(* Let a vertex model on the periodic honeycomb lattice with period $1\times1$ have strictly positive signatures, be realizable, and satisfy Assumption (A). Let the realization produce odd matchgate signatures $(0,\gamma_1,\beta_1,0,\alpha_1,0,0,\delta_1)$ at the white vertex and $(0,\gamma_2,\beta_2,0,\alpha_2,0,0,\delta_2)$ at the black vertex, and set $a=\alpha_1\alpha_2$, $b=\beta_1\beta_2$, $c=\gamma_1\gamma_2$, $d=\delta_1\delta_2$. Then $$(a+b-c-d)(a+c-b-d)(a+d-b-c)>0\qquad\text{and}\qquad a+b+c+d>0.$$
   Context: Signatures are vectors indexed by local configurations $000,001,\dots,111$ of the incident $(a,b,c)$-edges. A realization assigns to each edge an invertible $2\times 2$ matrix $T_e$ (for period $1\times 1$ all edges of a type share one matrix) and to each vertex a matchgate signature $m_v$ with $m_v=(T_a\otimes T_b\otimes T_c)r_v$ at black and $m_v=((T_a\otimes T_b\otimes T_c)^t)^{-1}r_v$ at white vertices, satisfying the parity constraint; after relabelling bases one may assume all matchgates are odd, i.e. $m_v$ vanishes at $000,011,101,110$. Assumption (A): all entries of base change matrices are nonzero and all matchgate signature entries not forced to vanish by parity are nonzero. *)

From HB Require Import structures.
From mathcomp Require Import all_boot all_order all_algebra.
Set Implicit Arguments. Unset Strict Implicit. Unset Printing Implicit Defensive.
Import Order.TTheory GRing.Theory Num.Theory.
Local Open Scope ring_scope.

(* Local configurations of the incident (a,b,c)-edges are indexed by
   i : 'I_8 read in binary: i = 4*x_a + 2*x_b + x_c, so 000,001,...,111
   correspond to 0,1,...,7. *)
Definition bit (k : nat) (i : 'I_8) : 'I_2 := inord ((i %/ 2 ^ k) %% 2).

Definition kron3 (R : pzRingType) (Ta Tb Tc : 'M[R]_2) : 'M[R]_8 :=
  \matrix_(i < 8, j < 8)
     (Ta (bit 2 i) (bit 2 j) * Tb (bit 1 i) (bit 1 j) * Tc (bit 0 i) (bit 0 j)).

Definition odd_sig (R : pzRingType) (al be ga de : R) : 'cV[R]_8 :=
  \col_(i < 8) nth 0 [:: 0; ga; be; 0; al; 0; 0; de] i.

From HB Require Import structures.
From mathcomp Require Import all_boot all_order all_algebra.
From mathcomp Require Import ring.
Import Order.TTheory GRing.Theory Num.Theory.
Set Implicit Arguments. Unset Strict Implicit. Unset Printing Implicit Defensive.
Local Open Scope ring_scope.

(* With K = Ta (x) Tb (x) Tc, the realization equations give
   rw^T N rb = m_w^T (K N K^-1) m_b for every 8x8 matrix N, and the left side is
   positive whenever N is nonnegative and nonzero.  Taking N = E_ij (x) 1 (x) 1
   shows that Y_a = (b + c) - (a + d) is real and nonzero and that
   Ta^-1 diag(|Y_a| + Y_a, |Y_a| - Y_a) Ta is entrywise positive; likewise for
   the edges b and c.  For N the tensor product of these three positive matrices
   the right side collapses to a sum of four monomials in the diagonal entries,
   each containing a vanishing factor unless Y_a Y_b Y_c < 0.  N = 1 gives
   a + b + c + d > 0. *)

Lemma bitE k (i : 'I_8) : bit k i = if odd (iter k half i) then ord_max else ord0.
Proof.
have divn_iter_half n : (n %/ 2 ^ k)%N = iter k half n.
  elim: k => [|k IH]; first by rewrite expn0 divn1.
  by rewrite expnSr divnMA IH divn2 iterS.
apply: val_inj; rewrite /bit /= inordK; last by rewrite ltn_mod.
by rewrite modn2 divn_iter_half; case: odd.
Qed.

Lemma eq_bits (i j : 'I_8) :
  [&& bit 2 i == bit 2 j, bit 1 i == bit 1 j & bit 0 i == bit 0 j] = (i == j).
Proof.
by rewrite !bitE; case: i => [[|[|[|[|[|[|[|[|i]]]]]]]] Hi] //;
  case: j => [[|[|[|[|[|[|[|[|j]]]]]]]] Hj].
Qed.

Definition ord_of_bits (x y z : 'I_2) : 'I_8 := inord (4 * x + 2 * y + z).

Lemma bits_ord_of_bits (x y z : 'I_2) :
  [/\ bit 2 (ord_of_bits x y z) = x, bit 1 (ord_of_bits x y z) = y
    & bit 0 (ord_of_bits x y z) = z].
Proof.
by case: x y z => [[|[|x]] Hx] // [[|[|y]] Hy] // [[|[|z]] Hz] //;
  rewrite /ord_of_bits !bitE inordK //; split; apply: val_inj.
Qed.

Local Notation o0 := (@ord0 1).
Local Notation o1 := (@ord_max 1).

Lemma lift0_ord2 : lift o0 (ord0 : 'I_1) = o1.
Proof. exact: val_inj. Qed.

Lemma kron3_id (R : pzRingType) : kron3 (1%:M : 'M[R]_2) 1%:M 1%:M = 1%:M.
Proof.
apply/matrixP => i j; rewrite !mxE -!natrM !mulnb -eq_bits.
by case: (bit 2 i == _); case: (bit 1 i == _); case: (bit 0 i == _).
Qed.

Lemma kron3_mul (R : comPzRingType) (A B C A' B' C' : 'M[R]_2) :
  kron3 A B C *m kron3 A' B' C' = kron3 (A *m A') (B *m B') (C *m C').
Proof.
apply/matrixP => i j; rewrite !mxE !big_ord_recl !big_ord0 !mxE !bitE /=.
rewrite !addr0 !lift0_ord2; ring.
Qed.

Lemma unitmx_kron3 (R : comUnitRingType) (A B C : 'M[R]_2) :
  A \in unitmx -> B \in unitmx -> C \in unitmx -> kron3 A B C \in unitmx.
Proof.
move=> uA uB uC.
suff /mulmx1_unit[] : kron3 A B C *m kron3 (invmx A) (invmx B) (invmx C) = 1%:M by [].
by rewrite kron3_mul !mulmxV // kron3_id.
Qed.

Lemma invmx_kron3 (R : comUnitRingType) (A B C : 'M[R]_2) :
  A \in unitmx -> B \in unitmx -> C \in unitmx ->
  invmx (kron3 A B C) = kron3 (invmx A) (invmx B) (invmx C).
Proof.
move=> uA uB uC; rewrite -[RHS]mul1mx -(mulVmx (unitmx_kron3 uA uB uC)).
by rewrite -mulmxA kron3_mul !mulmxV // kron3_id mulmx1.
Qed.

Definition semipositive (R : numDomainType) m n (A : 'M[R]_(m, n)) :=
  (forall i j, 0 <= A i j) /\ exists i j, 0 < A i j.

• [TRY IT]
Your task is to retype the entries verbatim, starting with the line that holds "the edges b" and stopping after the line that holds "by rewrite modn2 divn_iter_half; case: odd.".

• [RESPONSE TO THE EXERCISE]
   the edges b and c.  For N the tensor product of these three positive matrices
   the right side collapses to a sum of four monomials in the diagonal entries,
   each containing a vanishing factor unless Y_a Y_b Y_c < 0.  N = 1 gives
   a + b + c + d > 0. *)

Lemma bitE k (i : 'I_8) : bit k i = if odd (iter k half i) then ord_max else ord0.
Proof.
have divn_iter_half n : (n %/ 2 ^ k)%N = iter k half n.
  elim: k => [|k IH]; first by rewrite expn0 divn1.
  by rewrite expnSr divnMA IH divn2 iterS.
apply: val_inj; rewrite /bit /= inordK; last by rewrite ltn_mod.
by rewrite modn2 divn_iter_half; case: odd.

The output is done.